As part of her efforts to study Chernobyl’s effects in person, Brown also ventured into the forests and marshes near Chernobyl, accompanying American and Finnish scientists — who are among the few to have extensively studied the area’s wildlife in the field. They have found, among other things, the decimation of parts of the ecosystem, including dramatically fewer pollinators (such as bees) in higher-radiation places, and thus radically reduced numbers of fruit trees and shrubs. Brown also directly addresses scientific disagreements over such findings, while noting that some of the most negative conclusions about the regional ecosystems have stemmed from extensive on-the-ground investigations of it.
Additionally, disputes over the effects of Chernobyl also rumble on because, as Brown acknowledges, it is “easy to deny” that any one occurence of cancer is due to radiation exposure. As Brown notes in the book, “a correlation does not prove a connection,” despite increased rates of cancer and other illnesses in the region.
Still, in “Manual for Survival,” Brown does suggest that the higher end of existing death estimates seems plausible. The Ukrainian state pays benefits to about 35,000 people whose spouses apparently died from Chernobyl-caused illnesses. Some scientists have told her they think 150,000 deaths is a more likely baseline for the Ukraine alone. (There are no official or unofficial counts for Belarus and western Russia.)
Chernobyl: This past isn’t even past
Due to the long-term nature of some forms of radiation, Chernobyl’s effects continue today — to an extent that is also under-studied. In the book’s epilogue, Brown visits a forest in the Ukraine where people pick blueberries for export, with each batch being tested for radiation. However, Brown observed, bundles of blueberries over the accepted radiation limit are not necessarily discarded. Instead, berries from those lots are mixed in with cleaner blueberries, so each remixed batch as a whole falls under the regulatory limit. People outside the Ukraine, she writes, “may wake to a breakfast of Chernobyl blueberries” without knowing it.
Brown emphasizes that her goal is not primarily to alarm readers, but to push research forward. She says she would like her audience — general readers, undergraduates, scientists — to think deeply about how apparently settled science may sometimes rely on contingent conclusions developed in particular political circumstances.

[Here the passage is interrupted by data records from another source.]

(* (1) If $A$ is a finite abelian group, then $A$ has, up to isomorphism, a unique GI-extension, namely $A\rtimes C_2$ where the generator of $C_2$ acts by $a\mapsto -a$. (2) For a finite group $G$, the direct product $G\times C_2$ (with $G=G\times\{1\}$) is a GI-extension of $G$ if and only if $G$ is generated by elements of order $2$. (3) For $n\ge 2$, the symmetric group $S_n$ is a GI-extension of the alternating group $A_n$.
   Context: Given a group $G'$ with a normal subgroup $G$ of index $2$, $G'$ is called a GI-extension of $G$ if $G'$ is generated by involutions (elements of order exactly $2$) that are not contained in $G$. *)

From mathcomp Require Import all_boot all_fingroup all_solvable.
Set Implicit Arguments. Unset Strict Implicit. Unset Printing Implicit Defensive.
Local Open Scope group_scope.

Definition GI_ext (gT : finGroupType) (G Gp : {group gT}) : Prop :=
  [/\ G <| Gp, #|Gp : G| = 2%N &
      Gp :=: << [set x in Gp :\: G | #[x] == 2%N] >>].

From mathcomp Require Import all_boot all_fingroup all_solvable zmodp.
Set Implicit Arguments. Unset Strict Implicit. Unset Printing Implicit Defensive.
Local Open Scope group_scope.

(* If t is an involution inverting A, then (a t)^2 = a a^t = 1, so every a t
   is an involution outside A and a = (a t) t: thus A ><| <[t]> is a
   GI-extension, and these are all isomorphic once the bases are.
   Conversely, let K be a GI-extension of an abelian A and s an involution of
   K outside A. Every generating involution lies in the coset A s, and
   (a s)^2 = a a^s; hence the generators lie in N <[s]>, where N is the
   subgroup of elements of A inverted by s. So K = N <[s]>, which forces
   N = A and K = A ><| <[s]>. Existence comes from the external semidirect
   product of A by 'Z_2 acting through inversion.
   In G x C_2 the involutions outside G x 1 are the (g, c) with g^2 = 1, and
   they generate <<g | g^2 = 1>> x C_2; in S_n the transpositions are odd
   involutions generating S_n. *)

Lemma order_eq2 (gT : finGroupType) (x : gT) :
  (#[x] == 2) = (x ^+ 2 == 1) && (x != 1).
Proof.
rewrite -order_dvdn -order_eq1.
by case: #[x] (order_gt0 x) => [|[|[|n]]].
Qed.

Lemma expg2_mul (gT : finGroupType) (a t : gT) :
  (a * t) ^+ 2 = a * a ^ t^-1 * t ^+ 2.
Proof. by rewrite !expg2 conjgE invgK !mulgA mulgKV. Qed.

Lemma sdprod_index2 (gT : finGroupType) (A K : {group gT}) s :
  A <| K -> #|K : A| = 2 -> s \in K :\: A -> #[s] = 2 -> A ><| <[s]> = K.
Proof.
move=> /andP[sAK nAK] iKA /setDP[Ks nAs] os.
have tiAs : A :&: <[s]> = 1.
  apply/trivgP/subsetP=> y /setIP[Ay].
  rewrite -[y \in _]/(y \in <[s]>) (cycle2g os) !inE.
  by case/orP=> // /eqP ys; rewrite -ys Ay in nAs.
rewrite sdprodE ?cycle_subG ?(subsetP nAK) //; apply/eqP.
rewrite eqEcard mul_subG ?cycle_subG // TI_cardMg // -orderE os /=.
by rewrite -(Lagrange sAK) iKA.
Qed.

Section InvertingInvolution.
Variables (gT : finGroupType) (A K : {group gT}) (t : gT).
Hypotheses (defK : A ><| <[t]> = K) (ot : #[t] = 2).
Hypothesis tJ : {in A, forall a, a ^ t = a^-1}.

Lemma GI_ext_sdprod_inv : GI_ext A K.
Proof.
have [nAK tK _ _ tiAt] := sdprod_context defK; rewrite cycle_subG in tK.
have tV := invg2id ot.
have t1 : t != 1 by rewrite -order_eq1 ot.
have tA : t \notin A.
  by apply: contra t1 => At; apply/eqP/set1gP; rewrite -tiAt inE At cycle_id.
have involution_mul a : a \in A -> a * t \in [set x in K :\: A | #[x] == 2].
  move=> Aa; have atA : a * t \notin A by rewrite groupMl.
  rewrite !inE atA groupM ?(subsetP (normal_sub nAK) a) //=.
  rewrite order_eq2 expg2_mul tV tJ // mulgV mul1g -ot expg_order eqxx.
  by apply: contra tA => /eqP at1; rewrite -(mulKg a t) at1 mulg1 groupV.
split=> //.
  apply/eqP; rewrite -(eqn_pmul2l (cardG_gt0 A)) Lagrange ?normal_sub //.
  by rewrite -(sdprod_card defK) -orderE ot.
apply/eqP; rewrite eqEsubset gen_subG; apply/andP; split; last first.
  by apply/subsetP=> x /setIdP[/setDP[]].
rewrite -{1}(sdprodWY defK) join_subG cycle_subG.
have tS := involution_mul 1 (group1 A); rewrite mul1g in tS.
rewrite (mem_gen tS) andbT; apply/subsetP=> a Aa.
by rewrite -(mulgK t a) tV groupM ?mem_gen ?involution_mul.
Qed.

Lemma conjXg_inv a i : a \in A -> a ^ (t ^+ i) = if odd i then a^-1 else a.
Proof.
move=> Aa; elim: i => [|i IHi]; first by rewrite conjg1.
rewrite expgSr conjgM IHi /=; case: (odd i) => /=; last exact: tJ.
by rewrite conjVg tJ ?invgK.
Qed.

End InvertingInvolution.

Lemma isog_sdprod_inv (gT rT : finGroupType) (A K : {group gT}) (t : gT)
    (B L : {group rT}) (u : rT) :
    A ><| <[t]> = K -> #[t] = 2 -> {in A, forall a, a ^ t = a^-1} ->
    B ><| <[u]> = L -> #[u] = 2 -> {in B, forall b, b ^ u = b^-1} ->
  A \isog B -> K \isog L.
Proof.
move=> defK ot tJ defL ou uJ /isogP[f injf im_f].
have tu : #[u] %| #[t] by rewrite ot ou.
have actf : {in A & <[t]>, morph_act 'J 'J f (eltm tu)}.
  move=> a _ Aa /cycleP[i ->] /=.
  have fAa : f a \in B by rewrite -im_f mem_morphim.
  rewrite eltmE (conjXg_inv tJ) // (conjXg_inv uJ) //.
  by case: (odd i); rewrite ?morphV.
have [_ defBu _ tiBu] := sdprodP defL.
apply/isogP; exists (sdprodm defK actf); last by rewrite im_sdprodm im_f im_eltm.
by rewrite injm_sdprodm injf injm_eltm ot ou dvdnn im_f im_eltm tiBu /=.
Qed.

Section InversionExtension.
Variables (gT : finGroupType) (A : {group gT}).
Hypothesis abA : abelian A.

Lemma invg_morphM : {in A &, {morph (fun x => x^-1) : x y / x * y}}.
Proof. by move=> x y Ax Ay; rewrite invMg; apply: (centsP abA); rewrite groupV. Qed.
Canonical invg_morphism := Morphism invg_morphM.

Lemma injm_invg : 'injm invg_morphism.
Proof. by apply/injmP=> x y _ _; apply: invg_inj. Qed.

Lemma im_invg : invg_morphism @* A = A.
Proof.
apply/eqP; rewrite eqEcard (card_injm injm_invg) // leqnn andbT.
by apply/subsetP=> _ /morphimP[y _ Ay ->]; rewrite groupV.
Qed.

Definition inv_aut := aut injm_invg im_invg.

Lemma inv_autE : {in A, forall a, inv_aut a = a^-1}.
Proof. exact: autE. Qed.

Lemma order_inv_aut : #[inv_aut] %| #[Zp1 : 'Z_2].
Proof.
have AutA := Aut_aut injm_invg im_invg.
rewrite order_Zp1 order_dvdn expgS expg1.
apply/eqP/(eq_Aut (groupM AutA AutA) (group1 _)).
by move=> x Ax; rewrite permM perm1 !inv_autE ?groupV ?invgK.
Qed.

Definition inv_act := comp_groupAction [Aut A] (eltm order_inv_aut).

Local Notation z := (Zp1 : 'Z_2).

Lemma inv_act_dom : eltm order_inv_aut @*^-1 Aut A = <[z]>.
Proof.
apply/eqP; rewrite eqEsubset subsetIl /= cycle_subG.
by apply/morphpreP; rewrite /= eltm_id cycle_id Aut_aut.
Qed.

Lemma mem_inv_act_dom : z \in eltm order_inv_aut @*^-1 Aut A.
Proof. by rewrite inv_act_dom cycle_id. Qed.

Lemma inv_actE : {in A, forall a, inv_act a z = a^-1}.
Proof. by move=> a Aa; rewrite /= eltm_id /autact /= apermE inv_autE. Qed.

Local Notation t := (sdpair2 inv_act z).
Local Notation B := (sdpair1 inv_act @* A).

Lemma sdprod_inv_sdpair : B ><| <[t]> = setT.
Proof.
by rewrite -morphim_cycle ?mem_inv_act_dom // -inv_act_dom; apply: sdprod_sdpair.
Qed.

Lemma order_inv_sdpair : #[t] = 2.
Proof. by rewrite (order_injm (injm_sdpair2 _)) ?mem_inv_act_dom ?order_Zp1. Qed.

Lemma inv_sdpairJ : {in B, forall b, b ^ t = b^-1}.
Proof.
move=> _ /morphimP[a _ Aa ->].
by rewrite -sdpair_act ?mem_inv_act_dom ?inv_actE ?morphV.
Qed.

Lemma inv_sdpair_isog : B \isog A.
Proof. by rewrite isog_sym sub_isog ?injm_sdpair1. Qed.

End InversionExtension.

Lemma GI_ext_abelian_exists (gT : finGroupType) (A : {group gT}) :
  abelian A ->
  exists (rT : finGroupType) (B K : {group rT}) (t : rT),
    [/\ B \isog A, GI_ext B K, B ><| <[t]> = K, #[t] = 2
      & {in B, forall b, b ^ t = b^-1}].
Proof.
move=> abA; have defK := sdprod_inv_sdpair abA.
have ot := order_inv_sdpair abA; have tJ := @inv_sdpairJ _ _ abA.
exists (sdprod_by (inv_act abA)), (sdpair1 (inv_act abA) @* A)%G, [set: _]%G.
exists (sdpair2 (inv_act abA) Zp1); split=> //; first exact: inv_sdpair_isog.
exact: GI_ext_sdprod_inv defK ot tJ.
Qed.

Lemma group_set_inverted (gT : finGroupType) (A : {group gT}) s :
  abelian A -> group_set [set a in A | a ^ s == a^-1].
Proof.
move=> abA; apply/group_setP; split=> [|a b].
  by rewrite inE group1 conj1g invg1 eqxx.
rewrite !inE => /andP[Aa /eqP sa] /andP[Ab /eqP sb].
by rewrite groupM //= conjMg sa sb invMg; apply/eqP/(centsP abA); rewrite groupV.
Qed.

Section AbelianGIext.
Variables (gT : finGroupType) (A K : {group gT}).
Hypotheses (abA : abelian A) (gAK : GI_ext A K).

Lemma GI_ext_involution_inverts s :
  s \in K :\: A -> #[s] = 2 -> {in A, forall a, a ^ s = a^-1}.
Proof.
have [nAK iKA defK] := gAK; move=> sKA os.
have sV := invg2id os; have ss : s ^+ 2 = 1 by rewrite -os expg_order.
pose N := Group (group_set_inverted s abA).
have nNs : <[s]> \subset 'N(N).
  rewrite cycle_subG inE; apply/subsetP=> _ /imsetP[a /setIdP[Aa /eqP sa] ->].
  by rewrite inE -conjgM -expg2 ss conjg1 sa invgK groupV Aa eqxx.
have sKNs : K \subset N * <[s]>.
  rewrite -norm_joinEr // defK gen_subG; apply/subsetP=> x /setIdP[xKA].
  have /rcosetP[a Aa ->] : x \in A :* s by rewrite (rcoset_index2 (normal_sub nAK)).
  rewrite order_eq2 expg2_mul sV ss mulg1 => /andP[/eqP asa _].
  have Na : a \in N by rewrite inE Aa /= eq_sym eq_invg_mul asa.
  by rewrite groupM ?mem_gen // inE ?Na ?cycle_id ?orbT.
move=> a Aa; have Ka := subsetP (normal_sub nAK) a Aa.
have /mulsgP[n y /setIdP[An /eqP sn] sy def_a] := subsetP sKNs a Ka.
move: sy; rewrite -[y \in _]/(y \in <[s]>) (cycle2g os) !inE => /orP[/eqP y1 | /eqP ys].
  by rewrite def_a y1 mulg1.
by have /setDP[_ /negP[]] := sKA; rewrite -(mulKg n s) -ys -def_a groupM ?groupV.
Qed.

Lemma GI_ext_abelian_sdprod :
  exists t, [/\ A ><| <[t]> = K, #[t] = 2 & {in A, forall a, a ^ t = a^-1}].
Proof.
have [nAK iKA defK] := gAK.
have [s /setIdP[sKA /eqP os]] : exists s, s \in [set x in K :\: A | #[x] == 2].
  apply/set0Pn; apply: contra_eqN iKA => /eqP S0.
  by have /eqP-> : #|K : A| == 1%N by rewrite indexg_eq1 defK S0 gen0 sub1G.
by exists s; split; [apply: sdprod_index2 | | apply: GI_ext_involution_inverts].
Qed.

End AbelianGIext.

Lemma GI_ext_abelian_isog (gT rT : finGroupType) (A : {group gT})
    (B K : {group rT}) (K' : {group gT}) :
  abelian A -> B \isog A -> GI_ext B K -> GI_ext A K' -> K \isog K'.
Proof.
move=> abA isoBA gBK gAK'; have abB : abelian B by rewrite (isog_abelian isoBA).
have [t [defK ot tJ]] := GI_ext_abelian_sdprod abB gBK.
have [u [defK' ou uJ]] := GI_ext_abelian_sdprod abA gAK'.
exact: isog_sdprod_inv defK ot tJ defK' ou uJ isoBA.
Qed.

Lemma gen_sqr_eq1 (gT : finGroupType) (G : {group gT}) :
  <<[set x in G | x ^+ 2 == 1]>> = <<[set x in G | #[x] == 2]>>.
Proof.
apply/eqP; rewrite eqEsubset !gen_subG; apply/andP; split; apply/subsetP=> x.
  rewrite inE => /andP[Gx x2]; have [-> | x1] := eqVneq x 1; first exact: group1.
  by rewrite mem_gen // inE Gx order_eq2 x2.
by rewrite !inE order_eq2 => /and3P[Gx x2 _]; rewrite mem_gen // inE Gx x2.
Qed.

Lemma setX_inj1 (gT cT : finGroupType) (G H : {set gT}) (C : {group cT}) :
  setX G C = setX H C -> G = H.
Proof.
move=> /setP eqGH; apply/setP=> x.
by have := eqGH (x, 1); rewrite !in_setX group1 !andbT.
Qed.

Section DirectProductWithC2.
Variables (gT cT : finGroupType) (G : {group gT}) (c : cT).
Hypothesis oc : #[c] = 2.
Local Notation J := [set x in G | x ^+ 2 == 1].

Lemma involutions_setXD :
  [set x in setX G <[c]> :\: setX G 1 | #[x] == 2] = setX J [set c].
Proof.
apply/setP=> -[g k]; rewrite !inE -[k \in _]/(k \in <[c]>) (cycle2g oc) !inE /=.
have c1 : c != 1 by rewrite -order_eq1 oc.
have cc : c ^+ 2 = 1 by rewrite -oc expg_order.
have sqr_pair : (g, k) ^+ 2 = (g ^+ 2, k ^+ 2) by [].
rewrite order_eq2 sqr_pair /=; case: (g \in G) => //=.
have [-> | k1] := eqVneq k 1; first by rewrite /= [1 == c]eq_sym (negPf c1) andbF.
have [-> | kc] := eqVneq k c; last by rewrite andbF.
by rewrite cc -pair_eqE /= !eqxx (negPf c1) andbF /= !andbT.
Qed.

Lemma gen_involutions_setXD :
  <<[set x in setX G <[c]> :\: setX G 1 | #[x] == 2]>> = setX <<J>> <[c]>.
Proof.
have J1 : 1 \in J by rewrite inE group1 expg1n eqxx.
rewrite involutions_setXD; apply/eqP; rewrite eqEsubset gen_subG.
rewrite setXS ?subset_gen ?sub1set ?cycle_id //= -[<[c]>]genGid -setX_gen //.
rewrite gen_subG; apply/subsetP=> -[g k] /setXP[Jg].
rewrite -[k \in _]/(k \in <[c]>) (cycle2g oc) !inE => /orP[/eqP-> | /eqP->].
  have g1E : (g, 1) = (g, c) * (1, c).
    by change ((g, 1) = (g * 1, c ^+ 2)); rewrite mulg1 -oc expg_order.
  by rewrite g1E groupM ?mem_gen ?in_setX ?set11 ?andbT.
by rewrite mem_gen ?in_setX ?set11 ?andbT.
Qed.

End DirectProductWithC2.

Lemma GI_ext_setX1 (gT cT : finGroupType) (G : {group gT}) (C : {group cT}) :
  #|C| = 2 ->
  GI_ext (setX G 1) (setX G C) <-> G :=: <<[set x in G | #[x] == 2]>>.
Proof.
move=> oC; have /cyclicP[c defC] : cyclic C by rewrite prime_cyclic ?oC.
have oc : #[c] = 2 by rewrite orderE -defC oC.
have sG1C : setX G 1 \subset setX G C by rewrite setXS ?sub1G.
have iG1C : #|setX G C : setX G 1| = 2.
  by rewrite -divgS // !cardsX cards1 muln1 oC mulKn.
rewrite /GI_ext (index2_normal sG1C iG1C) iG1C /= defC (gen_involutions_setXD G oc).
rewrite gen_sqr_eq1.
by split=> [[_ _ /setX_inj1] | defG]; last rewrite -defG.
Qed.

Lemma GI_ext_Sym_Alt (T : finType) : 1 < #|T| -> GI_ext 'Alt_T 'Sym_T.
Proof.
move=> T_gt1; split; [exact: Alt_normal | exact: Alt_index |].
have [x _] : exists x : T, x \in T by apply/card_gt0P; apply: ltnW.
apply/eqP; rewrite eqEsubset gen_subG; apply/andP; split; last first.
  by apply/subsetP=> p /setIdP[/setDP[]].
apply/subsetP=> p _; have : p \in <<[set tperm x y | y in T]>> by rewrite gen_tperm.
apply: subsetP; rewrite gen_subG; apply/subsetP=> _ /imsetP[y _ ->].
have [-> | xy] := eqVneq x y; first by rewrite tperm1 group1.
rewrite mem_gen // inE in_setD Alt_even odd_tperm xy inE /=.
rewrite order_eq2 expg2 tperm2 eqxx /=.
by apply: contra xy => /eqP/permP/(_ x); rewrite tpermL perm1 => ->.
Qed.

Theorem mainTheorem2 :
  (forall (gT : finGroupType) (A : {group gT}), abelian A ->
     (exists (rT : finGroupType) (B K : {group rT}) (t : rT),
        [/\ B \isog A, GI_ext B K, B ><| <[t]> = K, #[t] = 2%N
          & {in B, forall b, b ^ t = b^-1}])
     /\ (forall K : {group gT}, GI_ext A K ->
          exists t : gT, [/\ A ><| <[t]> = K, #[t] = 2%N
                           & {in A, forall a, a ^ t = a^-1}])
     /\ (forall (rT : finGroupType) (B K : {group rT}) (K' : {group gT}),
           B \isog A -> GI_ext B K -> GI_ext A K' -> K \isog K'))
  /\
  (forall (gT cT : finGroupType) (G : {group gT}) (C : {group cT}),
     #|C| = 2%N ->
     (GI_ext (setX G 1) (setX G C) <->
      G :=: << [set x in G | #[x] == 2%N] >>))
  /\
  (forall n : nat, (2 <= n)%N -> GI_ext ('Alt_('I_n))%G ('Sym_('I_n))%G).
Proof.
split; [|split].
- move=> gT A abA; split; first exact: GI_ext_abelian_exists.
  split=> [K | rT B K K' isoBA]; first exact: GI_ext_abelian_sdprod.
  exact: GI_ext_abelian_isog.
- exact: GI_ext_setX1.
- by move=> n n_ge2; apply: GI_ext_Sym_Alt; rewrite card_ord.
Qed.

“I would like scientists to know a bit more about the history behind the science,” Brown says.
Other scholars say “Manual for Survival” is an important contribution to our understanding of Chernobyl. J.R. McNeill, a historian at Georgetown University, says Brown has shed new light on Chernobyl by illuminating “decades of official efforts to suppress its grim truths.” Alison MacFarlane, director of the Institute for International Science and Technology Policy at George Washington University, and Former director of the Nuclear Regulatory Commission, says the book effectively “uncovers the devastating effects” of Chernobyl.
For her part, Brown says one additional aim in writing the book was to help us remind ourselves that our inventions and devices are fallible. We need to be vigilant to avoid future disasters along the lines of Chernobyl.
“I think it could be a guide to the future if we’re not a little bit more thoughtful, and a little more transparent” than the Soviet officials were, Brown says.